No, that wasn’t fair. There were photo albums with picture after picture of her mom and dad gazing lovingly at each other, and her dad was still handsome. What Max couldn’t understand was how her mom didn’t look back on that decision with regret. In one move, her mom had thrown everything she’d had behind one decision that had ultimately left her stranded.
“How’s the new man in your life?” Her mother always had a new man in her life. And a new hobby. And new friends. And a new favorite restaurant. She had been a dying plant in Illinois, come alive and vibrant under Asheville’s care.
“I’m still with Howie. He wants me to meet his kids.” A
tsk
came through over the phone. “I don’t know. I’m not sure we’re serious enough for that yet.” She paused, and Max waited to see what else her mom had to say. “He wants to come with me to Durham and meet you.”
“Oh.” Meeting a new potential step-parent wasn’t new, though Max couldn’t remember how her father had introduced them to Tina. One day his father had a girlfriend at their house cooking them dinner and the rest is history. Being thirty-two and introduced to your mom’s boyfriend felt different, especially because her mom was open about having flings—not serious love interests.
“Mom, do you ever regret marrying Dad?”
“What? Honey, where did that come from? Of course I don’t regret marrying your father. I loved him. Marrying your daddy gave me you and Harmon.

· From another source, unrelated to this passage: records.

(* Let $(\mathbb{P},\le,f)$ be a forcing property for $\mathcal{L}_A$. Every condition $p\in\mathbb{P}$ belongs to a generic set.
   Context: $\mathcal{L}$ is a countable continuous signature; formulas of $\mathcal{L}_{\omega_1,\omega}$ are built from atomic formulas using $\neg$, $\tfrac12$, $\dotplus$, countable conjunctions $\bigwedge$ and $\inf_x$. $\mathcal{L}_A$ is a countable fragment, $C=\{c_i:i<\omega\}$ new constants, $\mathcal{L}_A(C)$ the smallest countable fragment of $\mathcal{L}_{\omega_1,\omega}(C)$ containing $\mathcal{L}_A$ (a countable set), $\mathcal{L}_A^s(C)$ its sentences, $\mathcal{L}_A^{as}(C)$ its atomic sentences, $\mathcal{T}(C)$ closed terms. A forcing property $(\mathbb{P},\le,f)$: poset with $f_p\colon\mathcal{L}_A^{as}(C)\to[0,1]$ such that (1) $p\le q\Rightarrow f_p\le f_q$; (2) for every $p$, $\varepsilon>0$, $\tau,\sigma\in\mathcal{T}(C)$, atomic $\varphi(x)$ there are $q\le p$, $c\in C$ with $f_q(d(\tau,c))<\varepsilon$, $f_q(d(\tau,\sigma))<f_p(d(\sigma,\tau))+\varepsilon$, and if $f_p(d(\tau,\sigma))<\delta_{\varphi,x}(\varepsilon)$ then $f_q(\varphi(\sigma))<f_p(\varphi(\tau))+\varepsilon$. $F_p$: $f_p$ on atomics; $F_p(\neg\varphi)=1-\inf_{q\le p}F_q(\varphi)$; $F_p(\tfrac12\varphi)=\tfrac12F_p(\varphi)$; $F_p(\varphi\dotplus\psi)=\min(F_p(\varphi)+F_p(\psi),1)$; $F_p(\bigwedge\Phi)=\inf_{\varphi\in\Phi}F_p(\varphi)$; $F_p(\inf_x\varphi)=\inf_{c\in C}F_p(\varphi(c))$. A nonempty $G\subseteq\mathbb{P}$ is generic if it is downward directed (any two elements have a common lower bound in $G$), upward closed, and for every $\varphi\in\mathcal{L}_A^s(C)$ and $r>1$ there is $p\in G$ with $F_p(\varphi)+F_p(\neg\varphi)<r$. *)

From HB Require Import structures.
From mathcomp Require Import all_boot all_order all_algebra.
From mathcomp Require Import boolp classical_sets cardinality reals.

Set Implicit Arguments.
Unset Strict Implicit.
Unset Printing Implicit Defensive.

Import Order.TTheory GRing.Theory Num.Theory.
Local Open Scope classical_set_scope.
Local Open Scope ring_scope.

(* Countable continuous signature: countably many function and predicate    *)
(* symbols with arities (the distance symbol d is built in).                *)
Record signature := Signature {
  fsym : countType ;
  f_arity : fsym -> nat ;
  rsym : countType ;
  r_arity : rsym -> nat }.

Section Syntax.
Variable L : signature.

(* Terms of L(C): de Bruijn variables, the new constants c_i (i : nat),     *)
(* and applications of function symbols.                                    *)
Inductive term : Type :=
  | Var : nat -> term
  | Cst : nat -> term
  | App (g : fsym L) : ('I_(f_arity g) -> term) -> term.

Inductive atom : Type :=
  | ADist : term -> term -> atom
  | ARel (r : rsym L) : ('I_(r_arity r) -> term) -> atom.

(* Formulas of L_{omega_1,omega}(C): built with neg, 1/2, dotplus,          *)
(* countable conjunctions (of a countable nonempty set, given by an         *)
(* enumeration) and inf_x (de Bruijn: Inf binds variable 0).                *)
Inductive formula : Type :=
  | Atom : atom -> formula
  | Neg : formula -> formula
  | Half : formula -> formula
  | Plus : formula -> formula -> formula
  | Conj : (nat -> formula) -> formula
  | Inf : formula -> formula.

Fixpoint tsubst (s : nat -> term) (t : term) : term :=
  match t with
  | Var n => s n
  | Cst i => Cst i
  | App g a => App (fun i => tsubst s (a i))
  end.

Definition asubst (s : nat -> term) (a : atom) : atom :=
  match a with
  | ADist t1 t2 => ADist (tsubst s t1) (tsubst s t2)
  | ARel r a => ARel (fun i => tsubst s (a i))
  end.

Definition up (s : nat -> term) : nat -> term :=
  fun n => match n with
           | 0 => Var 0
           | m.+1 => tsubst (fun k => Var k.+1) (s m)
           end.

Fixpoint fsubst (s : nat -> term) (phi : formula) : formula :=
  match phi with
  | Atom a => Atom (asubst s a)
  | Neg psi => Neg (fsubst s psi)
  | Half psi => Half (fsubst s psi)
  | Plus psi chi => Plus (fsubst s psi) (fsubst s chi)
  | Conj Phi => Conj (fun i => fsubst s (Phi i))
  | Inf psi => Inf (fsubst (up s) psi)
  end.

Definition scons (t : term) (e : nat -> term) : nat -> term :=
  fun n => match n with 0 => t | m.+1 => e m end.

How could I regret that?”
The sincerity in her mom’s voice didn’t match the memories Max had of her parents’ marriage, which seemed to have mostly consisted of arguments. “You gave up everything to be with Dad and it didn’t work. Aren’t you happier now?”
“Tricky thing, happiness. Moment to moment it relies on such insubstantial things and in the long term, it’s about having people you love in your life. Being a farmwife wasn’t for me, but I was surrounded by people I love, so I wasn’t unhappy there.”
Silence was the only response Max had. Her mother’s answers didn’t help her own decision-making process.
“What’s this about?” her mom asked.
Again, Max didn’t immediately respond. Her mother had raised them all to believe in their dreams and go for what they wanted, which was easy when your dreams were easy and there wasn’t much risk. But what about when failure meant losing everything? “I’ve just been thinking.”
“Is this about the farm? If you need money, I will help you buy the farm. And I’m sure your daddy will help, too.”
Guilt blew through her body with a sudden gust. Her parents were willing to risk their shaky finances to help her achieve her dream. But she had the funds to do it. And if she risked everything she had on this one dream—and failed—she knew she wouldn’t be alone. She’d still be surrounded by people she loved.
“No. I don’t need your money, Mom, but thanks. I’ve just been weighing the risks.”
“Honey, sometimes the risks aren’t worth weighing.”
But how do you know
when
those times are?
Max didn’t ask her question. She listened to her mom talk about learning to throw pots; she talked about what they were planting on the farm and her new interns, then hung up the phone still weighed down by the risks.